Tetapi semua orang mengatakan kalau di daerah Gunung Tidar tidak ada
nama ulama seperti itu, paling ada yang mirip dengan itu tetapi setahu
penduduk di sekitar tidaklah seoarang Ulama apalagi mempunyai pondok dan
murid. Para Ulama Khos minta penjelasan lebih lanjut tentang orang yang
agak mirip dengan yang mereka cari, namanya adalah mbah Sabar bukan
Kiai Almukarom Sabaruddin, dan hanya seorang pengembala itik, bukan
pemimpin pondok dan yang sama hanya rumahnya memang sama-sama di tepi
rumpun bamboo.
Di
kunjungi rumah tersebut dan bertemulah dengan lelaki tua yang kurus
dengan caping lebarnya sedang mengembalakan itiknya.
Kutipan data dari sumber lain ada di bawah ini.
(* Let $n\in\mathbb{N}$, let $m\leqslant n$, let $\alpha_k>0$ and $\beta_k>0$ for $k=1,\ldots,m$, and let $0\leqslant\varphi_1<\ldots<\varphi_m<2\pi$. Put \[ h(z)\coloneq\sum_{k=1}^m\alpha_k\frac{1+e^{i\varphi_k}z}{1-e^{i\varphi_k}z},\qquad f\coloneq e^{-h},\qquad g(z)\coloneq\sum_{k=1}^m\beta_k\frac{1+e^{i\varphi_k}z}{1-e^{i\varphi_k}z}, \] and let $H(z)\coloneq\{f\}_n+2\{f\}_{n-1}z+2\{f\}_{n-2}z^2+\ldots+2\{f\}_0z^n$. Assume that $\operatorname{Re}H(z)>0$ for all $z\in\Delta$. Then \[ \operatorname{Re}\bigl(\{f\}_n\{g\}_0+\{f\}_{n-1}\{g\}_1+\ldots+\{f\}_0\{g\}_n\bigr)=0 \] holds if and only if $\operatorname{Re}H(e^{i\varphi_k})=0$ for all $k=1,\ldots,m$.
   Context: $\Delta=\{z\in\mathbb{C}:|z|<1\}$ is the open unit disk. For a function $f$ holomorphic in $\Delta$, $\{f\}_j$ denotes its $j$-th Taylor coefficient at $0$, i.e. $f(z)=\sum_{j\geqslant0}\{f\}_jz^j$. *)

From HB Require Import structures.
From mathcomp Require Import all_boot all_order all_algebra.
From mathcomp Require Import all_classical all_reals all_analysis.
From mathcomp Require Import complex.
Set Implicit Arguments.
Unset Strict Implicit.
Unset Printing Implicit Defensive.
Import Order.TTheory GRing.Theory Num.Theory.
Import numFieldNormedType.Exports.
Local Open Scope ring_scope.
Local Open Scope classical_set_scope.
Local Open Scope complex_scope.

Definition cabs (R : realType) (z : R[i]) : R := ComplexField.Normc.normc z.

Definition expi (R : realType) (x : R) : R[i] := cos x +i* sin x.

Definition expC (R : realType) (w : R[i]) : R[i] :=
  (expR (complex.Re w))%:C * expi (complex.Im w).

Definition taylor_coefs (R : realType) (F : R[i] -> R[i]) (c : nat -> R[i]) :
  Prop :=
  forall z : R[i], cabs z < 1 ->
    (fun N => cabs (\sum_(j < N) c j * z ^+ j - F z)) @ \oo --> (0 : R).

Definition herglotz_sum (R : realType) (m : nat) (a phi : 'I_m -> R)
  (z : R[i]) : R[i] :=
  \sum_(k < m) (a k)%:C * ((1 + expi (phi k) * z) / (1 - expi (phi k) * z)).

Definition Hpoly (R : realType) (n : nat) (cf : nat -> R[i]) (z : R[i]) : R[i] :=
  cf n + \sum_(1 <= j < n.+1) 2%:R * cf (n - j)%N * z ^+ j.

From HB Require Import structures.
From mathcomp Require Import all_boot all_order all_algebra.
From mathcomp Require Import all_classical all_reals all_analysis.
From mathcomp Require Import complex.
From mathcomp Require Import ring lra.
Set Implicit Arguments.
Unset Strict Implicit.
Unset Printing Implicit Defensive.
Import Order.TTheory GRing.Theory Num.Theory.
Import numFieldNormedType.Exports.
Local Open Scope ring_scope.
Local Open Scope classical_set_scope.
Local Open Scope complex_scope.

(** Expanding each Herglotz kernel, [(1 + u) / (1 - u) = 1 + 2 u + 2 u^2 + ...],
  and using uniqueness of Taylor coefficients gives [{g}_0 = sum_k beta_k] and
  [{g}_j = 2 sum_k beta_k e^{i j phi_k}] for [j >= 1]; hence
  [sum_j {f}_(n-j) {g}_j = sum_k beta_k H(e^{i phi_k})].  Since [Re H > 0] in
  the disk, continuity along radii gives [Re H >= 0] on the circle, and a sum of
  nonnegative terms with positive weights [beta_k] vanishes iff every term does. *)

Section ComplexModulus.
Variable R : realType.
Implicit Types x y z w : R[i].

Lemma cabs_ge0 z : 0 <= cabs z.
Proof. exact: (@normr_ge0 _ (Rcomplex R)). Qed.

Lemma cabsN x : cabs (- x) = cabs x.
Proof. exact: (@normrN _ (Rcomplex R)). Qed.

Lemma cabsB x y : cabs (x - y) <= cabs x + cabs y.
Proof. exact: (@ler_normB _ (Rcomplex R)). Qed.

Lemma cabs_sum (I : Type) (r : seq I) (P : pred I) (F : I -> R[i]) :
  cabs (\sum_(i <- r | P i) F i) <= \sum_(i <- r | P i) cabs (F i).
Proof. exact: (@ler_norm_sum _ (Rcomplex R)). Qed.

Lemma cabs_eq0 z : (cabs z == 0) = (z == 0).
Proof. exact: (@normr_eq0 _ (Rcomplex R)). Qed.

Lemma cabsM x y : cabs (x * y) = cabs x * cabs y.
Proof. exact: ComplexField.Normc.normcM. Qed.

Lemma cabs1 : cabs (1 : R[i]) = 1.
Proof. exact: ComplexField.Normc.normc1. Qed.

Lemma cabsX z j : cabs (z ^+ j) = cabs z ^+ j.
Proof. by elim: j => [|j IH]; rewrite ?cabs1 // !exprS cabsM IH. Qed.

Lemma cabsV z : cabs z^-1 = (cabs z)^-1.
Proof. exact: ComplexField.Normc.normcV. Qed.

Lemma cabsR (t : R) : cabs t%:C = `|t|.
Proof. by rewrite /cabs /= expr0n /= addr0 sqrtr_sqr. Qed.

Lemma cabs_nat n : cabs (n%:R : R[i]) = n%:R.
Proof.
have -> : (n%:R : R[i]) = (n%:R : R)%:C by rewrite rmorph_nat.
by rewrite cabsR ger0_norm.
Qed.

Lemma cabs_expi (t : R) : cabs (expi t) = 1.
Proof. by rewrite /cabs /expi /= cos2Dsin2 sqrtr1. Qed.

Lemma ReMl (t : R) z : complex.Re (t%:C * z) = t * complex.Re z.
Proof. by case: z => a b /=; rewrite mul0r subr0. Qed.

Lemma Re_sum (I : Type) (r : seq I) (F : I -> R[i]) :
  complex.Re (\sum_(i <- r) F i) = \sum_(i <- r) complex.Re (F i).
Proof. exact: (@raddf_sum _ _ (@complex.Re R : Rcomplex R -> R)). Qed.

End ComplexModulus.

Section PowerSeries.
Variable R : realType.
Implicit Types (c d : nat -> R[i]) (z : R[i]).

Definition psum c z N := \sum_(j < N) c j * z ^+ j.

Lemma psumS c z N : psum c z N.+1 = psum c z N + c N * z ^+ N.
Proof. by rewrite /psum big_ord_recr. Qed.

Lemma psumSl c z N : psum c z N.+1 = c 0%N + z * psum (fun j => c j.+1) z N.
Proof.
rewrite /psum big_ord_recl expr0 mulr1 mulr_sumr; congr (_ + _).
by apply: eq_bigr => j _; rewrite exprS mulrCA.
Qed.

Lemma sum_expr_le2 (x : R) N : 0 <= x -> x <= 2^-1 -> \sum_(j < N) x ^+ j <= 2.
Proof.
move=> x0 x_le; set S := \sum_(j < N) _.
have S0 : 0 <= S by apply: sumr_ge0 => j _; rewrite exprn_ge0.
have xN0 : 0 <= x ^+ N by rewrite exprn_ge0.
have eS : (x - 1) * S = x ^+ N - 1 by rewrite subrX1.
have h2 : 2 * 2^-1 = 1 :> R by rewrite divff // pnatr_eq0.
nra.
Qed.

Lemma psum_coef_bounded c (q : R) : 0 < q ->
  cabs (psum c q%:C N) @[N --> \oo] --> (0 : R) ->
  exists M, forall j, cabs (c j) * q ^+ j <= M.
Proof.
move=> q0 /(cvgP _) /cvg_seq_bounded /ex_bound.
case=> [|M hM]; first exact: (globally_properfilter (a := 0%N)).
exists (M + M) => j.
have -> : cabs (c j) * q ^+ j = cabs (psum c q%:C j.+1 - psum c q%:C j).
  by rewrite psumS addrC addKr cabsM cabsX cabsR gtr0_norm.
apply: le_trans (cabsB _ _) _.
by apply: lerD; apply: le_trans (ler_norm _) (hM _ _).
Qed.

Lemma psum_tail_le c (q M t : R) N : 0 < q -> 0 < t -> 2 * t <= q ->
  (forall j, cabs (c j) * q ^+ j <= M) ->
  cabs (psum c t%:C N.+1 - c 0%N) <= 2 * M / q * t.
Proof.
move=> q0 t0 tq hM.
have M0 : 0 <= M.
  by apply: le_trans (hM 0%N); rewrite mulr_ge0 ?cabs_ge0 ?exprn_ge0 ?ltW.
have x0 : 0 <= t / q by rewrite divr_ge0 ?ltW.
have x_le : t / q <= 2^-1 by rewrite ler_pdivrMr //; lra.
rewrite psumSl addrC addKr cabsM cabsR gtr0_norm // mulrC.
rewrite ler_pM2r //; apply: le_trans (cabs_sum _ _ _) _.
apply: (@le_trans _ _ (\sum_(j < N) M / q * (t / q) ^+ j)).
  apply: ler_sum => j _; rewrite cabsM cabsX cabsR gtr0_norm //.
  have -> : cabs (c j.+1) * t ^+ j
            = cabs (c j.+1) * q ^+ j.+1 * (q^-1 * (t / q) ^+ j).
    by rewrite expr_div_n exprSr; field; rewrite expf_neq0 // gt_eqF.
  rewrite mulrA ler_wpM2r ?exprn_ge0 //.
  by apply: ler_wpM2r; [rewrite invr_ge0 ltW | exact: hM].
rewrite -big_distrr /= (_ : 2 * M / q = M / q * 2); last by ring.
by apply: ler_wpM2l; [exact: divr_ge0 M0 (ltW q0) | exact: sum_expr_le2].
Qed.

Lemma psum_cvg0_coef0_eq0 c :
  (forall t : R, 0 < t < 1 -> cabs (psum c t%:C N) @[N --> \oo] --> (0 : R)) ->
  c 0%N = 0.
Proof.
move=> hc.
(* Convergence at [t = 1/2] bounds [|c_j| 2^-j], so that the tail of the
   series at [t <= 1/4] is [O(t)]. *)
have q0 : (0 : R) < 2^-1 by rewrite invr_gt0.
have q1 : (2^-1 : R) < 1 by rewrite invf_lt1 ?ltr1n.
have [M hM] := psum_coef_bounded q0 (hc 2^-1 ltac:(by rewrite q0 q1)).
set K := 2 * M / 2^-1.
have bound0 t : 0 < t -> t <= 4^-1 -> cabs (c 0%N) <= K * t.
  move=> t0 t4.
  have t1 : t < 1 by apply: le_lt_trans t4 _; rewrite invf_lt1 ?ltr1n.
  rewrite -[K * t]add0r.
  pose f N := cabs (psum c t%:C N).
  apply: (cvgr_to_ge (F := \oo) (f := fun N => f N.+1 + K * t)).
    apply: cvgD; last exact: cvg_cst.
    by rewrite (cvg_shiftS f); apply: hc; rewrite t0.
  apply: nearW => N.
  rewrite -{1}(subKr (psum c t%:C N.+1) (c 0%N)).
  apply: le_trans (cabsB _ _) (lerD (lexx _) _).
  apply: psum_tail_le => //; lra.
apply/eqP; rewrite -cabs_eq0 eq_le cabs_ge0 andbT -(mulr0 K).
apply: (cvgr_to_ge (F := (0:R)^'+) (f := fun t => K * t)).
  by apply: cvgMl_tmp; exact: cvg_at_right_filter cvg_id.
near=> t; apply: bound0; near: t; first exact: nbhs_right_gt.
by apply: nbhs_right_le; rewrite invr_gt0.
Unshelve. all: by end_near.
Qed.

Lemma psum_cvg0_coef_eq0 c :
  (forall t : R, 0 < t < 1 -> cabs (psum c t%:C N) @[N --> \oo] --> (0 : R)) ->
  forall j, c j = 0.
Proof.
move=> hc j; elim: j c hc => [|j IH] c hc; first exact: psum_cvg0_coef0_eq0.
apply: (IH (fun j => c j.+1)) => t t01; have /andP[t0 _] := t01.
have -> : (fun N => cabs (psum (fun j => c j.+1) t%:C N)) =
          (fun N => t^-1 * cabs (psum c t%:C N.+1)).
  apply/funext => N; rewrite psumSl psum_cvg0_coef0_eq0 // add0r cabsM cabsR.
  by rewrite gtr0_norm // mulKf // gt_eqF.
rewrite -(mulr0 t^-1); apply: cvgMl_tmp.
by rewrite (cvg_shiftS (fun N => cabs (psum c t%:C N))); exact: hc.
Qed.

Lemma taylor_coefs_unique F c d :
  taylor_coefs F c -> taylor_coefs F d -> c =1 d.
Proof.
move=> hc hd j; apply/eqP; rewrite -subr_eq0; apply/eqP; move: j.
apply: (psum_cvg0_coef_eq0 (c := fun j => c j - d j)) => t /andP[t0 t1].
have tD : cabs t%:C < 1 by rewrite cabsR gtr0_norm.
pose err e N := cabs (psum e t%:C N - F t%:C).
apply: (squeeze_cvgr (f := cst 0) (h := fun N => err c N + err d N));
  last 2 first.
- exact: cvg_cst.
- by rewrite -(addr0 (0 : R)); apply: cvgD; [exact: hc | exact: hd].
apply: nearW => N; rewrite cabs_ge0 /=.
have -> : psum (fun j => c j - d j) t%:C N =
          (psum c t%:C N - F t%:C) - (psum d t%:C N - F t%:C).
  rewrite opprB addrA subrK /psum -sumrB.
  by apply: eq_bigr => j _; rewrite mulrBl.
exact: cabsB.
Qed.

End PowerSeries.

Definition herglotz_coef {R : realType} (j : nat) : R[i] :=
  if j is 0 then 1 else 2.

Section HerglotzKernel.
Variable R : realType.
Implicit Types (u w z : R[i]).

Lemma psum_herglotz_coef u N : u != 1 ->
  psum herglotz_coef u N.+1 - (1 + u) / (1 - u) = - (2 * u ^+ N.+1) / (1 - u).
Proof.
move=> u1; have u1' : u - 1 != 0 by rewrite subr_eq0.
have u1'' : 1 - u != 0 by rewrite subr_eq0 eq_sym.
rewrite psumSl.
have -> : psum (fun j => herglotz_coef j.+1) u N = 2 * ((u ^+ N - 1) / (u - 1)).
  by rewrite /psum -mulr_sumr subrX1 mulrAC mulfV // mul1r.
by rewrite /= exprS; field; rewrite u1' u1''.
Qed.

Lemma taylor_coefs_herglotz_kernel w : cabs w <= 1 ->
  taylor_coefs (fun z => (1 + w * z) / (1 - w * z))
               (fun j => herglotz_coef j * w ^+ j).
Proof.
move=> hw z hz; set u := w * z.
have hu : cabs u < 1.
  by rewrite cabsM (le_lt_trans _ hz) // ler_piMl ?cabs_ge0.
have u1 : u != 1 by apply: contraTneq hu => ->; rewrite cabs1 ltxx.
have psumE N :
    psum (fun j => herglotz_coef j * w ^+ j) z N = psum herglotz_coef u N.
  by apply: eq_bigr => j _; rewrite exprMn mulrA.
clearbody u; rewrite -(cvg_shiftS _ (nbhs (0 : R))).
have -> : (fun N => cabs (psum (fun j => herglotz_coef j * w ^+ j) z N.+1
                           - (1 + u) / (1 - u)))
          = (fun N => 2 / cabs (1 - u) * cabs u ^+ N.+1).
  apply/funext => N; rewrite psumE psum_herglotz_coef //.
  by rewrite mulNr cabsN !cabsM cabsV cabsX cabs_nat mulrAC.
rewrite -(mulr0 (2 / cabs (1 - u))); apply: cvgMl_tmp.
rewrite (cvg_shiftS (fun N => cabs u ^+ N)); apply: cvg_expr.
by rewrite ger0_norm ?cabs_ge0.
Qed.

Lemma taylor_coefs_sum (I : Type) (r : seq I) (a : I -> R[i])
    (F : I -> R[i] -> R[i]) (c : I -> nat -> R[i]) :
  (forall i, taylor_coefs (F i) (c i)) ->
  taylor_coefs (fun z => \sum_(i <- r) a i * F i z)
               (fun j => \sum_(i <- r) a i * c i j).
Proof.
move=> hF z hz.
pose err i N := cabs (psum (c i) z N - F i z).
pose h N := \sum_(i <- r) cabs (a i) * err i N.
apply: (squeeze_cvgr (f := cst 0) (h := h)); last 2 first.
- exact: cvg_cst.
- have hlim i : cabs (a i) * err i N @[N --> \oo] --> (0 : R).
    by rewrite -(mulr0 (cabs (a i))); apply: cvgMl_tmp; exact: hF.
  have := @cvg_big _ _ +%R 0 xpredT add_continuous _ \oo r _ _ eventually_filter
    (fun i _ => hlim i).
  by rewrite big1.
apply: nearW => N; rewrite cabs_ge0 /=.
have -> : psum (fun j => \sum_(i <- r) a i * c i j) z N
            - \sum_(i <- r) a i * F i z
          = \sum_(i <- r) a i * (psum (c i) z N - F i z).
  rewrite /psum; under eq_bigr do rewrite mulr_suml.
  rewrite exchange_big /= -sumrB; apply: eq_bigr => i _.
  rewrite mulrBr mulr_sumr; congr (_ - _).
  by apply: eq_bigr => j _; rewrite mulrA.
apply: le_trans (cabs_sum _ _ _) _.
by apply: ler_sum => i _; rewrite cabsM.
Qed.

Lemma taylor_coefs_herglotz_sum m (a phi : 'I_m -> R) :
  taylor_coefs (herglotz_sum a phi)
    (fun j => \sum_(k < m) (a k)%:C * (herglotz_coef j * expi (phi k) ^+ j)).
Proof.
apply: taylor_coefs_sum => k; apply: taylor_coefs_herglotz_kernel.
by rewrite cabs_expi.
Qed.

Lemma Hpoly_psum n (cf : nat -> R[i]) z :
  Hpoly n cf z = psum (fun j => herglotz_coef j * cf (n - j)%N) z n.+1.
Proof.
rewrite /psum big_ord_recl /Hpoly big_add1 big_mkord /= subn0 mul1r expr0 mulr1.
by congr (_ + _); apply: eq_bigr => j _; rewrite /= mulrAC.
Qed.

End HerglotzKernel.

Section BoundaryValues.
Variable R : realType.

Lemma Re_psum_ge0_closed_disk (c : nat -> R[i]) K (w : R[i]) : cabs w <= 1 ->
  (forall z, cabs z < 1 -> 0 < complex.Re (psum c z K)) ->
  0 <= complex.Re (psum c w K).
Proof.
move=> hw hpos.
pose p : {poly R} := \poly_(j < K) complex.Re (c j * w ^+ j).
have pE r : p.[r] = complex.Re (psum c (r%:C * w) K).
  rewrite horner_poly /psum Re_sum; apply: eq_bigr => j _.
  by rewrite exprMn -rmorphXn mulrCA ReMl mulrC.
rewrite -[w]mul1r -(rmorph1 (real_complex R)) -pE.
apply: (cvgr_to_ge (F := (1 : R)^'-) (f := horner p)).
  exact/cvg_at_left_filter/continuous_horner.
near=> r; rewrite pE ltW // hpos // cabsM cabsR.
apply: (@le_lt_trans _ _ `|r|); first by rewrite ler_piMr.
rewrite gtr0_norm; near: r; [exact: nbhs_left_lt | ].
by apply: nbhs_left_gt.
Unshelve. all: by end_near.
Qed.

End BoundaryValues.

Theorem theorem3 (R : realType) (n m : nat) (alpha beta phi : 'I_m -> R)
  (cf cg : nat -> R[i]) :
  (m <= n)%N ->
  (forall k, 0 < alpha k) ->
  (forall k, 0 < beta k) ->
  (forall k, 0 <= phi k /\ phi k < 2 * pi) ->
  (forall k l : 'I_m, (k < l)%N -> phi k < phi l) ->
  taylor_coefs (fun z => expC (- herglotz_sum alpha phi z)) cf ->
  taylor_coefs (herglotz_sum beta phi) cg ->
  (forall z : R[i], cabs z < 1 -> 0 < complex.Re (Hpoly n cf z)) ->
  (complex.Re (\sum_(j < n.+1) cf (n - j)%N * cg j) = 0 <->
   forall k : 'I_m, complex.Re (Hpoly n cf (expi (phi k))) = 0).
Proof.
move=> _ _ beta_gt0 _ _ _ g_coefs H_pos.
have cgE := taylor_coefs_unique g_coefs (taylor_coefs_herglotz_sum beta phi).
have -> : \sum_(j < n.+1) cf (n - j)%N * cg j =
    \sum_(k < m) (beta k)%:C * Hpoly n cf (expi (phi k)).
  under eq_bigr do rewrite cgE mulr_sumr.
  rewrite exchange_big /=; apply: eq_bigr => k _.
  by rewrite Hpoly_psum /psum mulr_sumr; apply: eq_bigr => j _; ring.
have ReH_ge0 k : 0 <= complex.Re (Hpoly n cf (expi (phi k))).
  rewrite Hpoly_psum; apply: Re_psum_ge0_closed_disk.
    by rewrite cabs_expi.
  by move=> z /H_pos; rewrite Hpoly_psum.
have terms_ge0 k : true -> 0 <= beta k * complex.Re (Hpoly n cf (expi (phi k))).
  by move=> _; exact: mulr_ge0 (ltW (beta_gt0 k)) (ReH_ge0 k).
rewrite Re_sum; under eq_bigr do rewrite ReMl.
split=> [/(psumr_eq0P terms_ge0) terms0 k | ReH0].
  by have /eqP := terms0 k isT; rewrite mulf_eq0 gt_eqF //= => /eqP.
by rewrite big1 // => k _; rewrite ReH0 mulr0.
Qed.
Rombongan tersebut
mengutarakan kedatangannya.tetapi jawab orang tersebut,” Maaf ya
tuan-tuan mungkin anda salah alamat itu memang rumah saya tuan, tapi
saya hanyalah seorang gembala itik bukan ulama, coba cari yang lain
saja, tuan salah alamat barang kali…” demikian jawaban, tapi tetapi para
rombongan ulama Khos tetap yakin bahwa orang ini adalah orangnya.
Akhirnya Pengembala itik itu menyilahkan masuk kerumahnya.
“Tuan-tuan
bila tuan –tuan ingin mengetahui hakekat ilmu sejati pergilah kemana
saja yang bisa kau temukan tempat tempat paling sepi….”Demikian wejangan
pertama, kemudian tanpa panjang lebar para ulama Khos tersebut di bagi
tiga kelompok menyebar. Kelompok pertama yakin di tepi pantai adalah
tempat yang paling sepi, kelompok kedua pergi ke goa di lereng gunung
dan kelompok ketiga pergi ke tengah hutan.
Setelah
mereka sampai mereka berkumpul dan menyeritakan pengalaman dan
argumentasi masing-masing.Tetapi sungguh terkejut bahwa semua
argumentasinya di salahkan, “ dalam dunia hakekat seorang salik haruslah berpegangan pada tiga ujaran yaitu ojo rumongso biso, ojo rumangso weruh lan ojo rumongso ngerti….tempat yang sepi di dunia ini tidak ada kecuali hanya ada dalam diri tuan-tuan dan itu pun hanya bisa kalau tuan-tuan bisa berhenti, meneng….. “
Demikian
ujarnya, ditengah suasana ramah temah tersebut tiba tiba dari belakang
ruang tamu terdengar seorang wanita membentak mbah Sabar,” Bapake! Malah
hanya duduk-duduk ngobrol ngoyo woro tidak ada gunanya …..ayo cepat segare anggon Bebekmu, itu sudah pada teriak teriak kelaparan, aku kebrebegen ki…….” Para
ulama Khos terkejut bukan kepalang tidak sopan perempuan itu pikirnya.
Dan di tanyakanlah siapakah gerangan perempuan itu pada mbah Sabar
tersebut, “ Dialah guru saya………”.
“Sekaranglah
pulanglah tuan-tuan, anda sudah ketemu yang anda cari hanya biginilah
gerangan yang anda sebut Kiai Almukarom Sabaruddin”. Mereka sungkem cium tangan dan pamit.